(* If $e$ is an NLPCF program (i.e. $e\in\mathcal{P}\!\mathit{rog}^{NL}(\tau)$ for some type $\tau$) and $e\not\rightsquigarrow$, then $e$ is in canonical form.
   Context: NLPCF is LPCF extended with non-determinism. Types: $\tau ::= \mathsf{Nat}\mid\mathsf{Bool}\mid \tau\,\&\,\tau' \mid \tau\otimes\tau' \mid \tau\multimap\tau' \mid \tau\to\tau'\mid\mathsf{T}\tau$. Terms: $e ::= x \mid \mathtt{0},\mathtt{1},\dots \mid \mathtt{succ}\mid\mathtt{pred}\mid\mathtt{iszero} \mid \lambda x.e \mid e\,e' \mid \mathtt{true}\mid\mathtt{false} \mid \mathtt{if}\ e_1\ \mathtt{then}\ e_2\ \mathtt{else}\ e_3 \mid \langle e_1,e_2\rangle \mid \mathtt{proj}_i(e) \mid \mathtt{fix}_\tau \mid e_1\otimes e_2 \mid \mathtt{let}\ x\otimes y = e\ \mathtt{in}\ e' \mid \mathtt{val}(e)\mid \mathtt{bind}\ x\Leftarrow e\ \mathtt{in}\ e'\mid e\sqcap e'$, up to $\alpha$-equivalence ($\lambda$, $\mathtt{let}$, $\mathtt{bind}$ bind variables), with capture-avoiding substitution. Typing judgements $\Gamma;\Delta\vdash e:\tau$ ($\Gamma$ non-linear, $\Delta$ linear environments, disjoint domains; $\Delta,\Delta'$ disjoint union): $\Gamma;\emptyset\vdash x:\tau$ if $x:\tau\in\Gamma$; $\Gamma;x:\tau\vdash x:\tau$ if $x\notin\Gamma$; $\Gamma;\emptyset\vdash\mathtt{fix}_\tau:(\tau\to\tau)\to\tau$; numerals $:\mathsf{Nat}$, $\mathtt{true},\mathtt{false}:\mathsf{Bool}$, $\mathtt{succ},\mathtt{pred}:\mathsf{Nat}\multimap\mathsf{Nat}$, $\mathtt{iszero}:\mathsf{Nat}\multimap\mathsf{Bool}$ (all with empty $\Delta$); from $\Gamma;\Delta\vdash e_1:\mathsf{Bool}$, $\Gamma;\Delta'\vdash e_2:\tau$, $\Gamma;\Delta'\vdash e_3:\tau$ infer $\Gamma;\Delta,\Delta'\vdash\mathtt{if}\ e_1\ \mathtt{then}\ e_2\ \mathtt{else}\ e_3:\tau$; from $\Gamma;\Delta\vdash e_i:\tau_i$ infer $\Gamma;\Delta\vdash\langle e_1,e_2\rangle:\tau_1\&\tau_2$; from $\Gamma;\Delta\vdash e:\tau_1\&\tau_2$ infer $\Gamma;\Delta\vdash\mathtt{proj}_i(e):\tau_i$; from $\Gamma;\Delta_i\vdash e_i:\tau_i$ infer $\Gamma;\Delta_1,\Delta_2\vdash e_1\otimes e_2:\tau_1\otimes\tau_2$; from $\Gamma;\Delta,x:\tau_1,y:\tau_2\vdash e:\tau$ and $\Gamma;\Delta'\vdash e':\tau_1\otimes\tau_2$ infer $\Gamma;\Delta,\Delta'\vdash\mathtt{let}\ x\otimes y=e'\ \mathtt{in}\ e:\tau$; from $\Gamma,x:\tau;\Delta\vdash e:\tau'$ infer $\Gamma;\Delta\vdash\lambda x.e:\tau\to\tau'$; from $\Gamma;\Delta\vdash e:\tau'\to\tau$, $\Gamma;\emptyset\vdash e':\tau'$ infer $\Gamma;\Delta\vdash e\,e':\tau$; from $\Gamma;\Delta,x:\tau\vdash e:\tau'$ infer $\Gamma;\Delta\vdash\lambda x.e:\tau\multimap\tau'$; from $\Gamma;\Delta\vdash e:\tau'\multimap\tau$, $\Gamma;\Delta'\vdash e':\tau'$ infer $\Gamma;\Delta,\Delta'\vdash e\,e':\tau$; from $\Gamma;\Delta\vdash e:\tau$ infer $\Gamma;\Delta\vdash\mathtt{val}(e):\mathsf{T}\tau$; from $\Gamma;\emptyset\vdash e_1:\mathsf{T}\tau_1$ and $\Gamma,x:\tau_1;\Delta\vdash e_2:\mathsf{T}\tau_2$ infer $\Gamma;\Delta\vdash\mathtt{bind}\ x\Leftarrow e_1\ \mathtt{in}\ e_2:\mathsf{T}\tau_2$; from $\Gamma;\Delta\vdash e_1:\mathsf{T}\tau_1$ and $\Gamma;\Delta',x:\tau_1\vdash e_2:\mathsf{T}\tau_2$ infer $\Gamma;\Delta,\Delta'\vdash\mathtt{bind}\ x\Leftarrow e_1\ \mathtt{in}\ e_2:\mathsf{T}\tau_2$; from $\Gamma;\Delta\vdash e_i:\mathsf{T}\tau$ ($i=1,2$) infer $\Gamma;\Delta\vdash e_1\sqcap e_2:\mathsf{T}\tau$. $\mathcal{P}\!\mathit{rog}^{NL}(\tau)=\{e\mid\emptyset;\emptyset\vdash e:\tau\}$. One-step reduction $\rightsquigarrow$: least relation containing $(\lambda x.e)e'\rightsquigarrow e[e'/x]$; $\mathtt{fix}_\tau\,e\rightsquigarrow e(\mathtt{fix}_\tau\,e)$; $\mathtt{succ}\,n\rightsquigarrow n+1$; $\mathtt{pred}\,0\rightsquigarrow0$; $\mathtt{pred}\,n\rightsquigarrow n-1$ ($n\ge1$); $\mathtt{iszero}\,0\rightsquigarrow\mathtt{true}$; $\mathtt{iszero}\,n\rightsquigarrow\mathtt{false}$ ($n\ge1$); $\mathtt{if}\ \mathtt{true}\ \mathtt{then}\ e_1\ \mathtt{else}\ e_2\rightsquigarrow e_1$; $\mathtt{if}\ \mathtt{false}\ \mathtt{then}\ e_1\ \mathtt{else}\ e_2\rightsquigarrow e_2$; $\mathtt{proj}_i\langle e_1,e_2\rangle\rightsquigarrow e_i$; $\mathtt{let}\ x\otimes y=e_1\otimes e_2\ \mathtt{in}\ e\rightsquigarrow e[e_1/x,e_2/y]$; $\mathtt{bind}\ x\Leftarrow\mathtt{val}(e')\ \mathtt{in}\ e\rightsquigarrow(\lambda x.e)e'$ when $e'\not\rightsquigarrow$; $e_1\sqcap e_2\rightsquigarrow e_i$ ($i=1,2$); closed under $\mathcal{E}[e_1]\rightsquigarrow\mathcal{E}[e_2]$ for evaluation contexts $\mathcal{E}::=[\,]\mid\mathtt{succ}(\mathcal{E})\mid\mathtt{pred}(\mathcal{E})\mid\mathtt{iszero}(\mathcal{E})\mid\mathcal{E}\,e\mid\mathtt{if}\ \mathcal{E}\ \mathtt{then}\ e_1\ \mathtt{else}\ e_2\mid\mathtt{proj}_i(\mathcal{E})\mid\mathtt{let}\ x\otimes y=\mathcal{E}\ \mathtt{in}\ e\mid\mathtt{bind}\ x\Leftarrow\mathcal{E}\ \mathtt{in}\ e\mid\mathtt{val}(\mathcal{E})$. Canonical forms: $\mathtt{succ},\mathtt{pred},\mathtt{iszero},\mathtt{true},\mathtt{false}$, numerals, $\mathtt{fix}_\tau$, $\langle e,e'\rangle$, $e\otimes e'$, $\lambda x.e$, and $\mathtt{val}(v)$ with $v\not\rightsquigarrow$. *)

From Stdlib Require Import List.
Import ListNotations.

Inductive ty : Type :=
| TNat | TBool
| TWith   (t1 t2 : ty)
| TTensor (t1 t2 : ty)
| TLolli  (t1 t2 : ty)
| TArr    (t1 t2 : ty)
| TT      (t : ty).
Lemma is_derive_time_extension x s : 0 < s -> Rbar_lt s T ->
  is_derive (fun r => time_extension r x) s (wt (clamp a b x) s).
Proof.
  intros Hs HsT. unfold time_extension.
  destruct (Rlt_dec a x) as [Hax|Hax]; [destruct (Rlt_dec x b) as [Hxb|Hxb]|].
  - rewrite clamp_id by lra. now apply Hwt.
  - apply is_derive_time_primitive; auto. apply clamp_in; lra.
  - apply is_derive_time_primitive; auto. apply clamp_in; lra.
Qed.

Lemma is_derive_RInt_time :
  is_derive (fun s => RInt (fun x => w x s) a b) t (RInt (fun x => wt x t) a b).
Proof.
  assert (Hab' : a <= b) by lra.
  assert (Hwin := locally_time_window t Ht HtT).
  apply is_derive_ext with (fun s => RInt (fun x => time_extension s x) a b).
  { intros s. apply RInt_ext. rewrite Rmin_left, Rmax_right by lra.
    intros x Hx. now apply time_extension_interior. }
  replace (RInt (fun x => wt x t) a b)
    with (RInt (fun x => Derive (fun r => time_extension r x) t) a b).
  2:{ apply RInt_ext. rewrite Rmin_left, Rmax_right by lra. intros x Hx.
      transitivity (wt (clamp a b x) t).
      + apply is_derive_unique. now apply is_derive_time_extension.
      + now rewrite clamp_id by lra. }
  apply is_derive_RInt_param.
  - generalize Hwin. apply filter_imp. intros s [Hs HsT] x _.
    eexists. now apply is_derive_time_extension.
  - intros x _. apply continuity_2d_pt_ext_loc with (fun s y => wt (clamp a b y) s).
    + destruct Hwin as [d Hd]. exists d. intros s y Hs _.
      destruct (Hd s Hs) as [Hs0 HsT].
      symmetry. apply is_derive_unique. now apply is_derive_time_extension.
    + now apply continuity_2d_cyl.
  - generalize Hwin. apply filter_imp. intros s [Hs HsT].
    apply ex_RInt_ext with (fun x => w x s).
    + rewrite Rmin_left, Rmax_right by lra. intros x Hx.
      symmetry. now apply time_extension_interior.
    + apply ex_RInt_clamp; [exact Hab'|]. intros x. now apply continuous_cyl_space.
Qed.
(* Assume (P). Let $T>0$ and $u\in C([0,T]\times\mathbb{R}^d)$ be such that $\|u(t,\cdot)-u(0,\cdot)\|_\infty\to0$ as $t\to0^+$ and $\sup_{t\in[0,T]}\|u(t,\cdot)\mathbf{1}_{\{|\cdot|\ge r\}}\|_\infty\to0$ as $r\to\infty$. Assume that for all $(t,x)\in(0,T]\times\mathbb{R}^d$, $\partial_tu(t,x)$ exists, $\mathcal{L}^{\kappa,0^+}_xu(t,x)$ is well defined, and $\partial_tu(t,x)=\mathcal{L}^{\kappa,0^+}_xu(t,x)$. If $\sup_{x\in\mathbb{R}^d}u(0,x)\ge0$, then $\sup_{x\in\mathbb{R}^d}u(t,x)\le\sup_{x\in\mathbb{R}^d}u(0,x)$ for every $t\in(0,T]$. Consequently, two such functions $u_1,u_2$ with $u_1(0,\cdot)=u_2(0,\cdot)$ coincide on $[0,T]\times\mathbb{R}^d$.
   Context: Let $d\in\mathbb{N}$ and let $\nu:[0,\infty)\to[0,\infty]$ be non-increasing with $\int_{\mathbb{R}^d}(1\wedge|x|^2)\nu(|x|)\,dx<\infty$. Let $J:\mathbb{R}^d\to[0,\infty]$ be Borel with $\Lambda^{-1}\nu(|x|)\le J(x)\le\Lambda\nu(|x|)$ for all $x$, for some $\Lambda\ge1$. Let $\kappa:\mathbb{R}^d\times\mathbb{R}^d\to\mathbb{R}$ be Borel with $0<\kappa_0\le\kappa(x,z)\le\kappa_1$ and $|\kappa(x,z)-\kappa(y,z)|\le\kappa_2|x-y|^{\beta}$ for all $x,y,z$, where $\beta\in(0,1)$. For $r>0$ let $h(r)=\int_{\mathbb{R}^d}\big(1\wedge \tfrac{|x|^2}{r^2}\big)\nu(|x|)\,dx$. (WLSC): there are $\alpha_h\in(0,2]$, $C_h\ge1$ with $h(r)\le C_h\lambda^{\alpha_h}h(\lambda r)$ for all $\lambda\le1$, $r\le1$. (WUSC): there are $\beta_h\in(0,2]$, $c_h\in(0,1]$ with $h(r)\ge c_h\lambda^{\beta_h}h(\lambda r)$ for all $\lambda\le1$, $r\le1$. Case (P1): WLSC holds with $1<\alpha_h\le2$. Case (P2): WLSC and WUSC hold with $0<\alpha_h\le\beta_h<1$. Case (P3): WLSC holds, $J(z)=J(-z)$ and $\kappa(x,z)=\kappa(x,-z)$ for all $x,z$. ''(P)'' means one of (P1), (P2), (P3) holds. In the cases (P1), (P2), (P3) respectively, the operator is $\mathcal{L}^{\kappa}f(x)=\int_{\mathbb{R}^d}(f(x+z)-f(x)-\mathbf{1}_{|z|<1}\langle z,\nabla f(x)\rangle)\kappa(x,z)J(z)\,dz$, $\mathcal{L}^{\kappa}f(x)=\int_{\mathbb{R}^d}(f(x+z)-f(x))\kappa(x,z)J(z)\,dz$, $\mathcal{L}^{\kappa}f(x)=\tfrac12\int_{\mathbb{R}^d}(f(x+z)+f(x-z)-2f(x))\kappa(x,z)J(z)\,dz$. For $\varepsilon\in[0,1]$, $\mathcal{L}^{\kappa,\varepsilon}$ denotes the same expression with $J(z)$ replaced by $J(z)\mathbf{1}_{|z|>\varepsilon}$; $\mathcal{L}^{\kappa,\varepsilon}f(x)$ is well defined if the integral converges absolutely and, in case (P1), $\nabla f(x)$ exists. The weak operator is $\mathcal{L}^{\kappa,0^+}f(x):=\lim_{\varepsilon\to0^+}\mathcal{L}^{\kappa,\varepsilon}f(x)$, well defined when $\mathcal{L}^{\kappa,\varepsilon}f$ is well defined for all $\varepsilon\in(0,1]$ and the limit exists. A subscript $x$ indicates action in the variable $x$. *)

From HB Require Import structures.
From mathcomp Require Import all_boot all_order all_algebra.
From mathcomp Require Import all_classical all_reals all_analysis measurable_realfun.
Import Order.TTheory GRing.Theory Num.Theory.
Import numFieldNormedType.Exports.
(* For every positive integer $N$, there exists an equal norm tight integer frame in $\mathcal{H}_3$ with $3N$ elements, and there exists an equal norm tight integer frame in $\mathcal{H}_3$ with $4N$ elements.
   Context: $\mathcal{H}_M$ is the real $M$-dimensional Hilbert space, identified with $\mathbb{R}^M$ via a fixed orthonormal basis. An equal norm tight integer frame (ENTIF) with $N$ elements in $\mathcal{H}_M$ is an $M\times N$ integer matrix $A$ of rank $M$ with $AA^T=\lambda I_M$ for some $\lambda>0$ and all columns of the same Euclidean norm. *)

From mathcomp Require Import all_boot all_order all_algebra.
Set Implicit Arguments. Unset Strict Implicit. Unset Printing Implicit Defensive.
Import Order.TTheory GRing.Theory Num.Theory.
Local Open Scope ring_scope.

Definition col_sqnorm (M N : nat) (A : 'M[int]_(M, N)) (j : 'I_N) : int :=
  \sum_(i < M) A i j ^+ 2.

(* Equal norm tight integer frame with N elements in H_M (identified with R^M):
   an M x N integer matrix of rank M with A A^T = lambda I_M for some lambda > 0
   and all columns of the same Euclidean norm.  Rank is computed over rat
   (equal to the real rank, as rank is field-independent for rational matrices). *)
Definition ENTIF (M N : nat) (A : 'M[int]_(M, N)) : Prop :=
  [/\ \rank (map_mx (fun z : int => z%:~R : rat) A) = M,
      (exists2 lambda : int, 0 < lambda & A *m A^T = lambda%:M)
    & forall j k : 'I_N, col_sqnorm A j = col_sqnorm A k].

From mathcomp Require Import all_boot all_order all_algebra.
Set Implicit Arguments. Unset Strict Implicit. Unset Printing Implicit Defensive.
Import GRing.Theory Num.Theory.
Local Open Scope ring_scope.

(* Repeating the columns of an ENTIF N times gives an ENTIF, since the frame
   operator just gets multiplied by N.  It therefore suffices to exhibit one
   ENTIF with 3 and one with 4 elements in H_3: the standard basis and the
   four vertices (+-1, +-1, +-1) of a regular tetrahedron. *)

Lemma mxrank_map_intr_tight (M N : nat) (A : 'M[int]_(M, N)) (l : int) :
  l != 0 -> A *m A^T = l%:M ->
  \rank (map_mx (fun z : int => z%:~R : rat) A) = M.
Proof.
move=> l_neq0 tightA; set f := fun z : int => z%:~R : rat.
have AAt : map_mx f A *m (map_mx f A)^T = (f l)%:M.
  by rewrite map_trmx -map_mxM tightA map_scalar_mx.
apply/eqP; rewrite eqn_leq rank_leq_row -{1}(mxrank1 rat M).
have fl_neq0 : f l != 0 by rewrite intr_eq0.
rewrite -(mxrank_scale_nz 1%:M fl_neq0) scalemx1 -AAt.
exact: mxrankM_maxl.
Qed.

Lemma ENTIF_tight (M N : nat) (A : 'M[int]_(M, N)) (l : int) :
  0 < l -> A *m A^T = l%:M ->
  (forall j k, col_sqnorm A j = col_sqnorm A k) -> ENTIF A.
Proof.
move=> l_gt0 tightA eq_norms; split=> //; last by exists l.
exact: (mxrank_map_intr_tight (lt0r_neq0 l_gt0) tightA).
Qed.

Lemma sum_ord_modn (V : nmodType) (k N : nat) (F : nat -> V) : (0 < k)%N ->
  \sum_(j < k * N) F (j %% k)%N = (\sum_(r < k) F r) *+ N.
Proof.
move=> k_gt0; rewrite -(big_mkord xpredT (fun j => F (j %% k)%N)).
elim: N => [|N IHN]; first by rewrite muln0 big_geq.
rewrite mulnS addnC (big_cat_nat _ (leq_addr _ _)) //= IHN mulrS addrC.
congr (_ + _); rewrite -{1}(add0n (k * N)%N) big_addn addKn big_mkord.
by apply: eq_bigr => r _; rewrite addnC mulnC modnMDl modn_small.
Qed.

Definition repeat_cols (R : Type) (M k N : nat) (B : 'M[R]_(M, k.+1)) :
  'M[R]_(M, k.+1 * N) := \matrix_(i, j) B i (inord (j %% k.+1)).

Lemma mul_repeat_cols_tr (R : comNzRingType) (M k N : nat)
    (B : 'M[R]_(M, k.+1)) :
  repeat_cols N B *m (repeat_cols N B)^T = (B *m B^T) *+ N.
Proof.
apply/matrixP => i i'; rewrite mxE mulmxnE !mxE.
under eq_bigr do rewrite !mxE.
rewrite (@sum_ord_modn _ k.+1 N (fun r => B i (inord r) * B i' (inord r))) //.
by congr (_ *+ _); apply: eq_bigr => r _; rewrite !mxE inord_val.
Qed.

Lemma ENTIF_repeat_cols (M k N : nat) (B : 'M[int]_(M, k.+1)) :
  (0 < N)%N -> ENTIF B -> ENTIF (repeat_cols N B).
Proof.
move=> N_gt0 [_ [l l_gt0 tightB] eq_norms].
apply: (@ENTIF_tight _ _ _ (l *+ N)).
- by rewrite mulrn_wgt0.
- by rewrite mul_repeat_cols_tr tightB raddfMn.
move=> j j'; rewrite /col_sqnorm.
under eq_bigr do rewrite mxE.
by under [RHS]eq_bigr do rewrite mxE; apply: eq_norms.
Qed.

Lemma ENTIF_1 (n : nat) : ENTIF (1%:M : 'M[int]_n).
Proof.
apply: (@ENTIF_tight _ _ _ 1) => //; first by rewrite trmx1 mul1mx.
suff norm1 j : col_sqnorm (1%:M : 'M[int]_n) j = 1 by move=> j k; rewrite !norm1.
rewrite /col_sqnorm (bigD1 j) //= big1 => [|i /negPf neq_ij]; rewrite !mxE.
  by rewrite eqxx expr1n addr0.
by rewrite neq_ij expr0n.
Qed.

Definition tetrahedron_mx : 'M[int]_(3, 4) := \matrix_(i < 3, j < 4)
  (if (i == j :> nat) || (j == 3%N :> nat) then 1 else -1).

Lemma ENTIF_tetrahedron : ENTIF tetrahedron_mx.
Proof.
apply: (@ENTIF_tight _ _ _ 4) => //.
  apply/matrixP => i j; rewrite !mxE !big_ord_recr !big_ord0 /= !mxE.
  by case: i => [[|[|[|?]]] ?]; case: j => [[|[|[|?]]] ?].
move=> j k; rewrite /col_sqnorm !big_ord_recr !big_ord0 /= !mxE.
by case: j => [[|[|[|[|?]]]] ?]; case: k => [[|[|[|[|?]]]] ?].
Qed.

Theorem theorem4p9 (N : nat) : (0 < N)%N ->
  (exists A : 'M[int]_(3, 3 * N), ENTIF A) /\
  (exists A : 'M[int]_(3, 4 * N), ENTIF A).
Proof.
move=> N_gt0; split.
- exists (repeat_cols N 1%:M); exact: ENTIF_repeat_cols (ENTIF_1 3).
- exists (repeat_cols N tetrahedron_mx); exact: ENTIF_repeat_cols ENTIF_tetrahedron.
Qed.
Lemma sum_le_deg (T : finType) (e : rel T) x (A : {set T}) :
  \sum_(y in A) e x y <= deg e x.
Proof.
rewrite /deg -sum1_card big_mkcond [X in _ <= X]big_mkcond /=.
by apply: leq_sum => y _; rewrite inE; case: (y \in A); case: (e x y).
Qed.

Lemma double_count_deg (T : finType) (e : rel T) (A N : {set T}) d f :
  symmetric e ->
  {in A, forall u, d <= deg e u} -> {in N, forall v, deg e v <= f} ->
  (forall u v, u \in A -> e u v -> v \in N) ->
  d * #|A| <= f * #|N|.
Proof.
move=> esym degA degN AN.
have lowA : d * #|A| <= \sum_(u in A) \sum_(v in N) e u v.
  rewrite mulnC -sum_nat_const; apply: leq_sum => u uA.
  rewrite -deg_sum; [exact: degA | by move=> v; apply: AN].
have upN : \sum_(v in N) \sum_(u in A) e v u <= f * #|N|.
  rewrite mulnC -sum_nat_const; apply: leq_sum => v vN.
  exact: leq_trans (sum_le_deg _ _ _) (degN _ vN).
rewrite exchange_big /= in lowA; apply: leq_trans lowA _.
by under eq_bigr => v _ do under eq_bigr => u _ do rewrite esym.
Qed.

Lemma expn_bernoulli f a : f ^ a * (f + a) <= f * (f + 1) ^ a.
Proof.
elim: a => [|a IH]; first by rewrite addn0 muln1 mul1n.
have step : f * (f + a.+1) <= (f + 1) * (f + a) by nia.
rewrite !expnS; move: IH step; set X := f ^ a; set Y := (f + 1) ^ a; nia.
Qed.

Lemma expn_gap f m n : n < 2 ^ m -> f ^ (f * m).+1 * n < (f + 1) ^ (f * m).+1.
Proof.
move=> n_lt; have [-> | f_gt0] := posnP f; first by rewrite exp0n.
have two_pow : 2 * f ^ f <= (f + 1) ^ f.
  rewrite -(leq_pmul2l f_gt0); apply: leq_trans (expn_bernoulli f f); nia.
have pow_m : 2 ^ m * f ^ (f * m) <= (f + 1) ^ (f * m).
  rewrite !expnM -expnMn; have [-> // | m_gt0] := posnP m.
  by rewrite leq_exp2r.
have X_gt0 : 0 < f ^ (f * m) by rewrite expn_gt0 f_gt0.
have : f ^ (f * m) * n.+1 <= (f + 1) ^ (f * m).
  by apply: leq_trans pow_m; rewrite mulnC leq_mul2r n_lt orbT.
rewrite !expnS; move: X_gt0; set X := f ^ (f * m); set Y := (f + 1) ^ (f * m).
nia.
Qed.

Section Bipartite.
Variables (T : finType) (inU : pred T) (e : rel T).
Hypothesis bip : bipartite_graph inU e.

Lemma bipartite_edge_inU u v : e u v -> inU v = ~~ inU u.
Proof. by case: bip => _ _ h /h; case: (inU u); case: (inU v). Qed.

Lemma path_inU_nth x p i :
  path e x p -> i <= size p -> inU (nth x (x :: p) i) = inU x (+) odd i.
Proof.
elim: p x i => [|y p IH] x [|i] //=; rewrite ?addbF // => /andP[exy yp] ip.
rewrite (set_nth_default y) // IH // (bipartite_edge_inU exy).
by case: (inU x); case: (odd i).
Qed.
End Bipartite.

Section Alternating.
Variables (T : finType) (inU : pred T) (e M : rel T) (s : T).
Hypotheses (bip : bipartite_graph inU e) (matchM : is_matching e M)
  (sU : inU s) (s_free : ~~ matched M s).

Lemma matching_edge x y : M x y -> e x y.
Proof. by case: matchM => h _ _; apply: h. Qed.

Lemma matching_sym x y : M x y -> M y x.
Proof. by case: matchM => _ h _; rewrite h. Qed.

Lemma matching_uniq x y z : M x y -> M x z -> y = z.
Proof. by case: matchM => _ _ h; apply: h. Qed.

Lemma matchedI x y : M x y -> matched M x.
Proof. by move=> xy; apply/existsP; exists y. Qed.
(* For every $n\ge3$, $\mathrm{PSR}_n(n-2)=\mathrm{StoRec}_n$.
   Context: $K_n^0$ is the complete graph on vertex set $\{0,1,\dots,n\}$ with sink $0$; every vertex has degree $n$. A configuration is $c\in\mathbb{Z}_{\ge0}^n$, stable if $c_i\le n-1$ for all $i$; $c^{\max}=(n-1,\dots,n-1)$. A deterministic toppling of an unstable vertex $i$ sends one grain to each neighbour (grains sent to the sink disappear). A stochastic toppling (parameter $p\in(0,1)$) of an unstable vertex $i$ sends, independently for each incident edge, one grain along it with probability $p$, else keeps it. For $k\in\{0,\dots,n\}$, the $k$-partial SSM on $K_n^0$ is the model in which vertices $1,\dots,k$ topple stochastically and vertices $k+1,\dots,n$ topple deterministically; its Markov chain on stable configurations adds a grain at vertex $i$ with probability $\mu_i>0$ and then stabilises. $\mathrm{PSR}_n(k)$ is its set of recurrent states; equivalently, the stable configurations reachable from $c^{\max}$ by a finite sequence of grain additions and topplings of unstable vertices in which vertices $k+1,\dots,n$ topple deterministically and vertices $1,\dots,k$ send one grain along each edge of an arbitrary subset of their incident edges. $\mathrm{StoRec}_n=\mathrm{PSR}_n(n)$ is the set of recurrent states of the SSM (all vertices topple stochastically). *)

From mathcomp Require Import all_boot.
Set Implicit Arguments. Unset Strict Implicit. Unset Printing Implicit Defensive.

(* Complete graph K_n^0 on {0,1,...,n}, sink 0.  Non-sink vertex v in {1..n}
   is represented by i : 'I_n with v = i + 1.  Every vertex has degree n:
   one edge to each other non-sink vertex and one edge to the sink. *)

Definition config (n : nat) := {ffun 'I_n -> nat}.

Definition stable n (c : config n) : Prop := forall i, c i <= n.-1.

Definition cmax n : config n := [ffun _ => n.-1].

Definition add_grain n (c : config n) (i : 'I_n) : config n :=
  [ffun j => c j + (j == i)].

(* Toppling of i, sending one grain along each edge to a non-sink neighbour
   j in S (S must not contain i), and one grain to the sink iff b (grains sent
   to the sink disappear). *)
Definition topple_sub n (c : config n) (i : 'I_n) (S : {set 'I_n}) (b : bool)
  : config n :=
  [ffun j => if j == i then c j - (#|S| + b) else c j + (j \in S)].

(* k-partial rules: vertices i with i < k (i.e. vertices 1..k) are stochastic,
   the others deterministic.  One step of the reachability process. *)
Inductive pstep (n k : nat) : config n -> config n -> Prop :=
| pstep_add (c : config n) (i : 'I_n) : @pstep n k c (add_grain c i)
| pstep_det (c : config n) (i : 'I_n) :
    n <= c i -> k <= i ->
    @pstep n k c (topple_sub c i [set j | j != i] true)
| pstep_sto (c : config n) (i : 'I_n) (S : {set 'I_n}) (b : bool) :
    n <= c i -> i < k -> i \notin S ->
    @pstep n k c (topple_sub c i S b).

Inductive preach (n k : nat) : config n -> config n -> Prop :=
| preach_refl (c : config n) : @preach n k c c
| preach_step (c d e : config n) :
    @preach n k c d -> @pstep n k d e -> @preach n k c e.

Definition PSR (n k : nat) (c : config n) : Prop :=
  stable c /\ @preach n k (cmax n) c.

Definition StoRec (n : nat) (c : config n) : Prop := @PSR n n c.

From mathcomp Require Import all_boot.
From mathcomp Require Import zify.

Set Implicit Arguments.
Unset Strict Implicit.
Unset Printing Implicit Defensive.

> [Aim of the exercise] The required output is every line above from the one with "ENTIF with 3" down to the one with "0 < l -> A *m A^T = l%:M ->", restated word for word, ends included.

> [Answer section]
   ENTIF with 3 and one with 4 elements in H_3: the standard basis and the
   four vertices (+-1, +-1, +-1) of a regular tetrahedron. *)

Lemma mxrank_map_intr_tight (M N : nat) (A : 'M[int]_(M, N)) (l : int) :
  l != 0 -> A *m A^T = l%:M ->
  \rank (map_mx (fun z : int => z%:~R : rat) A) = M.
Proof.
move=> l_neq0 tightA; set f := fun z : int => z%:~R : rat.
have AAt : map_mx f A *m (map_mx f A)^T = (f l)%:M.
  by rewrite map_trmx -map_mxM tightA map_scalar_mx.
apply/eqP; rewrite eqn_leq rank_leq_row -{1}(mxrank1 rat M).
have fl_neq0 : f l != 0 by rewrite intr_eq0.
rewrite -(mxrank_scale_nz 1%:M fl_neq0) scalemx1 -AAt.
exact: mxrankM_maxl.
Qed.

Lemma ENTIF_tight (M N : nat) (A : 'M[int]_(M, N)) (l : int) :
  0 < l -> A *m A^T = l%:M ->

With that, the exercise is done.